Saved entries:
***

Lemma not_aligned_pqq n u v w : n != (0, 0) -> u \in p -> v \in q -> w \in q ->
  v != w -> dot n v = dot n u -> dot n w = dot n u -> False.
Proof.
move=> n0 up vq wq vw hv hw.
apply: (gp (a := u) (b := v) (c := w)); rewrite ?mem_cat ?up ?vq ?wq ?orbT //.
- exact: vertex_neq.
- exact: vertex_neq.
- by apply: (collinear_of_dot_eq n0); rewrite ?hv ?hw.
Qed.

(* The sign of [k] is the orientation of the two edges meeting at [a]. *)
Definition crossing a (k : R) := k != 0 /\ exists na ua va la ma ub vb lb,
  [/\ edge_point p a na ua va la, edge_point q a ma ub vb lb & cross na ma = k].

Lemma boundary_crossing a : is_convex_polygon p -> is_convex_polygon q ->
  (boundary (polyhull p) `&` boundary (polyhull q)) a -> exists k, crossing a k.
Proof.
move=> cp cq [[cPa iPa] [cQa iQa]].
have [[_ [up _]] [_ [uq _]]] := (cp, cq).
have [u0 [v0 [u0p v0p uv0]]] := convex_polygon_two_vertices cp.
have [u1 [v1 [u1q v1q uv1]]] := convex_polygon_two_vertices cq.
have Pa : polyhull p a by apply: (closed_polyhull _ cPa); apply: contraTneq u0p => ->.
have Qa : polyhull q a by apply: (closed_polyhull _ cQa); apply: contraTneq u1q => ->.
have [na Sna] := polyhull_supporting_line u0p v0p uv0 iPa.
have [ma Sma] := polyhull_supporting_line u1q v1q uv1 iQa.
have [[na0 _] [ma0 _]] := (Sna, Sma).
case: (supporting_face up (general_position_catl gp) Sna Pa) => [ap|[ua [va [la Ea]]]];
case: (supporting_face uq (general_position_catr gp) Sma Qa) => [aq|[ub [vb [lb Eb]]]].
- by move: (disj ap); rewrite aq.
- by case: Eb => -[_ ubq vbq uvb] [hub hvb _ _]; case: (not_aligned_pqq ma0 ap ubq vbq uvb).
- by case: Ea => -[_ uap vap uva] [hua hva _ _]; case: (not_aligned_ppq na0 uap vap aq uva).
exists (cross na ma); split; last by exists na, ua, va, la, ma, ub, vb, lb.
apply/eqP => c0.
have [[_ uap vap uva] [hua hva _ _]] := Ea; have [[_ ubq _ _] [hub _ _ _]] := Eb.
have hub' : dot na ub = dot na a.
  apply/eqP; rewrite -subr_eq0 -dot_vsub; apply/eqP.
  by apply: dot_eq0_of_parallel ma0 c0 _; rewrite dot_vsub hub subrr.
by apply: (not_aligned_ppq na0 uap vap ubq uva); rewrite hub' ?hua ?hva.
Qed.

Lemma edge_line_chord_strict a b na ua va la ma mb ub vb lb :
  a != b -> polyhull q a -> polyhull q b ->
  edge_point p a na ua va la -> edge_point q b mb ub vb lb ->
  (forall w, w \in q -> dot ma w <= dot ma a) -> cross na ma != 0 ->
  dot na (vsub b a) = 0 -> dot ma (vsub b a) < 0 /\ dot mb (vsub a b) < 0.
Proof.
move=> ab Qa Qb [[[na0 _] uap vap uva] [hua hva _ _]] [[[mb0 smb] ubq _ _] [hub _ _ _]]
  sma c0 d0.
have e0 : vsub b a != (0, 0) by rewrite vsub_neq0 // eq_sym.
have e0' : vsub a b != (0, 0) by rewrite vsub_neq0.
split; rewrite lt_def dot_vsub subr_le0 ?(polyhull_halfplane Qb sma)
  ?(polyhull_halfplane Qa smb) andbT -dot_vsub eq_sym.
- by apply: contra c0 => /eqP h; apply/eqP/(cross_eq0_of_orthogonal e0 d0 h).
- apply/eqP => h.
  have d0' : dot na (vsub a b) = 0 by move: d0; rewrite !dot_vsub; lra.
  have z0 : dot mb (vsub ub b) = 0 by rewrite dot_vsub hub subrr.
  have := dot_eq0_of_parallel mb0 (cross_eq0_of_orthogonal e0' d0' h) z0.
  rewrite dot_vsub => hub'.
  by apply: (not_aligned_ppq na0 uap vap ubq uva); move: d0; rewrite dot_vsub; lra.
Qed.

Lemma crossings_same_sign_false a b ka kb : a != b -> crossing a ka -> crossing b kb ->
  connected (polyhull p `\` polyhull q) -> connected (polyhull q `\` polyhull p) ->
  ~ 0 < ka * kb.
Proof.
move=> ab [ka0 [na [ua [va [la [ma [ua' [va' [la' [DPa DQa eka]]]]]]]]]]
  [kb0 [nb [ub [vb [lb [mb [ub' [vb' [lb' [DPb DQb ekb]]]]]]]]]] cPQ cQP.
rewrite -eka -ekb in ka0 kb0 * => cab.
have [Pa Pb] := (edge_point_polyhull DPa, edge_point_polyhull DPb).
have [Qa Qb] := (edge_point_polyhull DQa, edge_point_polyhull DQb).
have [[[_ sna] _ _ _] _] := DPa; have [[[_ snb] _ _ _] _] := DPb.
have [[[_ sma] _ _ _] _] := DQa; have [[[_ smb] _ _ _] _] := DQb.
have d1 : dot na (vsub b a) <= 0 by rewrite dot_vsub subr_le0 (polyhull_halfplane Pb sna).
have d2 : dot nb (vsub a b) <= 0 by rewrite dot_vsub subr_le0 (polyhull_halfplane Pa snb).
have QP : dot ma (vsub b a) < 0 -> dot mb (vsub a b) < 0 -> False.
  move=> h1 h2; apply: (crossings_disconnect ab Pa Pb DQa DQb sna snb _ h1 h2 cQP).
  by rewrite (crossC na ma) (crossC nb mb) mulrNN.
case: (ltgtP (dot na (vsub b a)) 0) => h1; last first.
- by case: (edge_line_chord_strict ab Qa Qb DPa DQb sma ka0 h1).
- by move: d1; rewrite leNgt h1.
case: (ltgtP (dot nb (vsub a b)) 0) => h2; last first.
- have ba : b != a by rewrite eq_sym.
  by case: (edge_line_chord_strict ba Qb Qa DPb DQa smb kb0 h2) => hb ha; apply: QP.
- by move: d2; rewrite leNgt h2.
exact: (crossings_disconnect ab Qa Qb DPa DPb sma smb cab h1 h2 cPQ).
Qed.

End Crossings.

End PlaneGeometry.

Local Close Scope ring_scope.
Unset Implicit Arguments.

Theorem lemma2 (R : realType) (p q : seq (R * R)) :
  is_convex_polygon p -> is_convex_polygon q ->
  general_position (p ++ q) -> weakly_disjoint p q ->
  forall x y z : R * R,
    (boundary (polyhull p) `&` boundary (polyhull q)) x ->
    (boundary (polyhull p) `&` boundary (polyhull q)) y ->
    (boundary (polyhull p) `&` boundary (polyhull q)) z ->
    x = y \/ y = z \/ x = z.
Proof.
move=> cp cq gp [cPQ [cQP disj]] x y z Bx By Bz.
have [kx Cx] := boundary_crossing gp disj cp cq Bx.
have [ky Cy] := boundary_crossing gp disj cp cq By.
have [kz Cz] := boundary_crossing gp disj cp cq Bz.
have [->|xy] := eqVneq x y; first by left.
have [->|yz] := eqVneq y z; first by right; left.
have [->|xz] := eqVneq x z; first by right; right.
exfalso; case: (two_of_three_same_sign Cx.1 Cy.1 Cz.1).
- exact: (crossings_same_sign_false gp disj xy Cx Cy cPQ cQP).
- exact: (crossings_same_sign_false gp disj yz Cy Cz cPQ cQP).
- exact: (crossings_same_sign_false gp disj xz Cx Cz cPQ cQP).
Qed.
Definition C : numClosedFieldType := complex Rdefinitions.R.

(* Bouquets as signed chord diagrams.                                      *)
(* The boundary circle of the vertex carries N marked points p_0..p_{N-1}   *)
(* in cyclic order (type 'I_N, successor = ordS).  There are m loops       *)
(* (type 'I_m); loop e has its two ends at the points end1 e, end2 e and   *)
(* ori e = true iff e is orientable (v u e an annulus), false iff it is    *)
(* non-orientable (v u e a Moebius band).                                  *)
Record bouquet := Bouquet {
  npts  : nat;
  nloops : nat;
  end1 : 'I_nloops -> 'I_npts;
  end2 : 'I_nloops -> 'I_npts;
  ori  : 'I_nloops -> bool }.

(* Boundary of the ribbon subgraph v u Q.  Each marked point x has two     *)
(* "corners" (x,false) (just before x) and (x,true) (just after x).  The   *)
(* boundary of v u Q is the union of:                                      *)
(*  - the vertex arcs from (x,true) to (ordS x,false);                     *)
(*  - for x not an end of a loop of Q, the passage (x,false)--(x,true);    *)
(*  - for a loop e in Q with ends y,y': its two boundary sides, joining    *)
(*    (y,false)--(y',true), (y,true)--(y',false) if e is orientable and    *)
(*    (y,false)--(y',false), (y,true)--(y',true) if e is non-orientable.   *)
(* Every corner has degree 2, so the boundary components of v u Q are the  *)
(* connected components of this graph.                                     *)
Section Boundary.
Variable G : bouquet.
Local Notation N := (npts G).
Local Notation m := (nloops G).

Definition corner := ('I_N * bool)%type.

Definition is_end_in (Q : {set 'I_m}) (x : 'I_N) : bool :=
  [exists e in Q, (@end1 G e == x) || (@end2 G e == x)].

Definition ribbon_side (e : 'I_m) (c d : corner) : bool :=
  [exists b : bool,
     (c == (@end1 G e, b)) && (d == (@end2 G e, if @ori G e then ~~ b else b))].

Definition bdry_adj0 (Q : {set 'I_m}) (c d : corner) : bool :=
  [|| (c.2 && ~~ d.2 && (d.1 == ordS c.1)),
      (~~ is_end_in Q c.1 && (d.1 == c.1) && ~~ c.2 && d.2)
    | [exists e in Q, ribbon_side e c d]].

Definition bdry_adj (Q : {set 'I_m}) : rel corner :=
  fun c d => bdry_adj0 Q c d || bdry_adj0 Q d c.

Definition nbdry (Q : {set 'I_m}) : nat := n_comp (bdry_adj Q) predT.

Definition quasi_tree (Q : {set 'I_m}) : bool := nbdry Q == 1%N.

(* Pseudo-orientability.  The two points where S1 and S2 meet cannot be   *)
(* ends (every end must be interior to S1 or S2), so each lies in a gap    *)
(* between consecutive marked points; we encode the gap just before p_a by *)
(* a : 'I_N.  With cuts before p_a and before p_b, S1 contains the points *)
(* p_a, p_{a+1}, ..., p_{b-1} (cyclically), S2 the others.                 *)
Definition in_S1 (a b x : 'I_N) : bool :=
  if (a <= b)%N then ((a <= x) && (x < b))%N else ((a <= x) || (x < b))%N.

Definition pseudo_orientable : Prop :=
  exists a b : 'I_N, forall e : 'I_m,
    if @ori G e then in_S1 a b (@end1 G e) == in_S1 a b (@end2 G e)
    else in_S1 a b (@end1 G e) != in_S1 a b (@end2 G e).

Definition qt_poly : {mpoly C[m]} :=
  \sum_(Q : {set 'I_m} | quasi_tree Q) \prod_(e in Q) 'X_e.

End Boundary.

Definition hurwitz_stable (n : nat) (f : {mpoly C[n]}) : Prop :=
  forall z : 'I_n -> C, (forall i, 0 < 'Re (z i)) -> f.@[z] != 0.

Definition G59_end1 (e : 'I_7) : 'I_14 := inord (nth 0%N [:: 1; 2; 5; 0; 4; 8; 10]%N e).
Definition G59_end2 (e : 'I_7) : 'I_14 := inord (nth 0%N [:: 6; 9; 12; 3; 7; 11; 13]%N e).
Definition G59_ori (e : 'I_7) : bool := (3 <= e)%N.

Definition G59 : bouquet := @Bouquet 14 7 G59_end1 G59_end2 G59_ori.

***

**ASSIGNMENT:**
Both end lines included, restate word for word the lines above from the line with "(~~ is_end_in Q" to the line with "Definition quasi_tree (Q", and nothing else.

**SOLUTION BELOW:**
      (~~ is_end_in Q c.1 && (d.1 == c.1) && ~~ c.2 && d.2)
    | [exists e in Q, ribbon_side e c d]].

Definition bdry_adj (Q : {set 'I_m}) : rel corner :=
  fun c d => bdry_adj0 Q c d || bdry_adj0 Q d c.

Definition nbdry (Q : {set 'I_m}) : nat := n_comp (bdry_adj Q) predT.

Definition quasi_tree (Q : {set 'I_m}) : bool := nbdry Q == 1%N.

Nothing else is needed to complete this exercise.